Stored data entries
==============================

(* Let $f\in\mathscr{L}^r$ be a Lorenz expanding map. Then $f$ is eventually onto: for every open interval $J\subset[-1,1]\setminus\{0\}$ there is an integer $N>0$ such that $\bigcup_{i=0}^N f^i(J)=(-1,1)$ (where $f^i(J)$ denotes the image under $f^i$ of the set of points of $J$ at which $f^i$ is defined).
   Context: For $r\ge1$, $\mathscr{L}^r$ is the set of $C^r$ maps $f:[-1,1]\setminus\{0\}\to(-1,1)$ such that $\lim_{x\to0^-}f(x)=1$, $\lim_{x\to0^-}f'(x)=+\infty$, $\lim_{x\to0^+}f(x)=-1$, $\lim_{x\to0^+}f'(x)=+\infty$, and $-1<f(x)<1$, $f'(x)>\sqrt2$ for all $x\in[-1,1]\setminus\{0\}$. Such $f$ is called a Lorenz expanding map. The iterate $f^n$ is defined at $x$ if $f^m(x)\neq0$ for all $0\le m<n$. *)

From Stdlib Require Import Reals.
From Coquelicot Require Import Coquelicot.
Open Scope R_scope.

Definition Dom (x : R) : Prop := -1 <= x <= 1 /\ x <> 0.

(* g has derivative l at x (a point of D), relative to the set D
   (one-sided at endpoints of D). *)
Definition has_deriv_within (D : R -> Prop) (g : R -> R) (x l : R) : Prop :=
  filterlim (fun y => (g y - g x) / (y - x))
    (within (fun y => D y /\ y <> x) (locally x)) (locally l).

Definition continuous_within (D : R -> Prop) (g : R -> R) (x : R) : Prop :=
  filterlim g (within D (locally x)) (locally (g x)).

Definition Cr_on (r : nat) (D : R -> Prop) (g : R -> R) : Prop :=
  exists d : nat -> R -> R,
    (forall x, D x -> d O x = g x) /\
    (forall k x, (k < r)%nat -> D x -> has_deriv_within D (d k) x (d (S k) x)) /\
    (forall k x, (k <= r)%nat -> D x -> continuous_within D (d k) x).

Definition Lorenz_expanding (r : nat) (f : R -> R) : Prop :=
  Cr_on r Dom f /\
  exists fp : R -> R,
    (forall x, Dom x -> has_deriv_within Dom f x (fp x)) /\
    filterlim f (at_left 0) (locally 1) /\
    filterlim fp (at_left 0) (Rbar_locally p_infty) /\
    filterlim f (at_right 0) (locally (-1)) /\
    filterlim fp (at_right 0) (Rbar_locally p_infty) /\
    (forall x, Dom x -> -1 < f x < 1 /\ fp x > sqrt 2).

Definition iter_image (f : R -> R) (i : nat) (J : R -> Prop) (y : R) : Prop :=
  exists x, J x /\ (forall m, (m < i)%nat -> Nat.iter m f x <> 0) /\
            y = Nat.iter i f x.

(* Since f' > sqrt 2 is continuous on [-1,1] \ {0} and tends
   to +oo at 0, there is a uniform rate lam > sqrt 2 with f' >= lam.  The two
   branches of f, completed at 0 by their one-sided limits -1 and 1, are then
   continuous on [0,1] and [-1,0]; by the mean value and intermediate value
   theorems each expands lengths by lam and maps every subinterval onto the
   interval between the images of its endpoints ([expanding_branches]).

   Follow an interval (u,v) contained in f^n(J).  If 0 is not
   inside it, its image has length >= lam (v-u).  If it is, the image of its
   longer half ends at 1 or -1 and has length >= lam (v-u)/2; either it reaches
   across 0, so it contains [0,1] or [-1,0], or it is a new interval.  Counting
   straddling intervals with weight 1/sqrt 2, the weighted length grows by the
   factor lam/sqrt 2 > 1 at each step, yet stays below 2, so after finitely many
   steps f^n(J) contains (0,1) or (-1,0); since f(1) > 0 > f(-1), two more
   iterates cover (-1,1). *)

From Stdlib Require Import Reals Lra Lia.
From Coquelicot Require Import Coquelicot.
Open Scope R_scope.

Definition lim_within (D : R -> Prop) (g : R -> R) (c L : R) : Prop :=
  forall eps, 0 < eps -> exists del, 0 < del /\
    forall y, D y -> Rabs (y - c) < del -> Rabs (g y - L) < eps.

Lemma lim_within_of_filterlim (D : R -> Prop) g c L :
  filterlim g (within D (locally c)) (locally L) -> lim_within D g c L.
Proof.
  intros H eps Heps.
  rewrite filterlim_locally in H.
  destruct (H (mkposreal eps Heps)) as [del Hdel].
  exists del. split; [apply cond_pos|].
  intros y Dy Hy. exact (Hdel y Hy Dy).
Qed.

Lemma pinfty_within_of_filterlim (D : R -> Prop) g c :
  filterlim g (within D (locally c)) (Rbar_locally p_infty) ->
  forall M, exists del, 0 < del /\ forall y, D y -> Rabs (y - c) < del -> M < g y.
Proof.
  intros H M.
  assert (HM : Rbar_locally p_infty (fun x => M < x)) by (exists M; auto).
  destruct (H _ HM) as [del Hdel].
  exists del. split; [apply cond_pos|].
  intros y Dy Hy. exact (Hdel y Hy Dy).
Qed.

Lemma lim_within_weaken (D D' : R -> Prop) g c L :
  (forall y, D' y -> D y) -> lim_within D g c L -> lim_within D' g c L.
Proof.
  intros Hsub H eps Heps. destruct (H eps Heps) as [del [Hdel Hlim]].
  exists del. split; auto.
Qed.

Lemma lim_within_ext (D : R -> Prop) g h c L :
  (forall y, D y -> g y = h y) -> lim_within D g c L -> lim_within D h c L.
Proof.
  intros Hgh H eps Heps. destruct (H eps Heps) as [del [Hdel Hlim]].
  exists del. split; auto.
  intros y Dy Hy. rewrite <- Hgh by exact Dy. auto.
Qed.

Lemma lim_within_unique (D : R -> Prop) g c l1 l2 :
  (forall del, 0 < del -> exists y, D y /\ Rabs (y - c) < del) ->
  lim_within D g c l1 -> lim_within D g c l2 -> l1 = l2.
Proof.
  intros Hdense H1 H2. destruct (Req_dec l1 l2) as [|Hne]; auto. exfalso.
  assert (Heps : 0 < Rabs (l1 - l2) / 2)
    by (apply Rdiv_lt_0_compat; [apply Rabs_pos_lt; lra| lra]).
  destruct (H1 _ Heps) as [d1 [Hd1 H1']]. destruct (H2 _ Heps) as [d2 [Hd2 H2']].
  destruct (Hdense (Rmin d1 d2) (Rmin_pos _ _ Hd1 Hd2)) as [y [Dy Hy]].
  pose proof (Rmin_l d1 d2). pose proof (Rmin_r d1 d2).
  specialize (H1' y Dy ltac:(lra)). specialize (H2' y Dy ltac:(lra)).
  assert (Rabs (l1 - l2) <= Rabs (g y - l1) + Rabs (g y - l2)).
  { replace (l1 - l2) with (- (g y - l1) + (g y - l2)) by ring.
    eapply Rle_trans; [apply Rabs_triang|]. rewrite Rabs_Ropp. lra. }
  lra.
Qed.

==============================

PROBLEM
May I have exactly the lines from the one containing "by (apply Rdiv_lt_0_compat;" through the last line of the data, both included?

COMPLETED TASK
    by (apply Rdiv_lt_0_compat; [apply Rabs_pos_lt; lra| lra]).
  destruct (H1 _ Heps) as [d1 [Hd1 H1']]. destruct (H2 _ Heps) as [d2 [Hd2 H2']].
  destruct (Hdense (Rmin d1 d2) (Rmin_pos _ _ Hd1 Hd2)) as [y [Dy Hy]].
  pose proof (Rmin_l d1 d2). pose proof (Rmin_r d1 d2).
  specialize (H1' y Dy ltac:(lra)). specialize (H2' y Dy ltac:(lra)).
  assert (Rabs (l1 - l2) <= Rabs (g y - l1) + Rabs (g y - l2)).
  { replace (l1 - l2) with (- (g y - l1) + (g y - l2)) by ring.
    eapply Rle_trans; [apply Rabs_triang|]. rewrite Rabs_Ropp. lra. }
  lra.
Qed.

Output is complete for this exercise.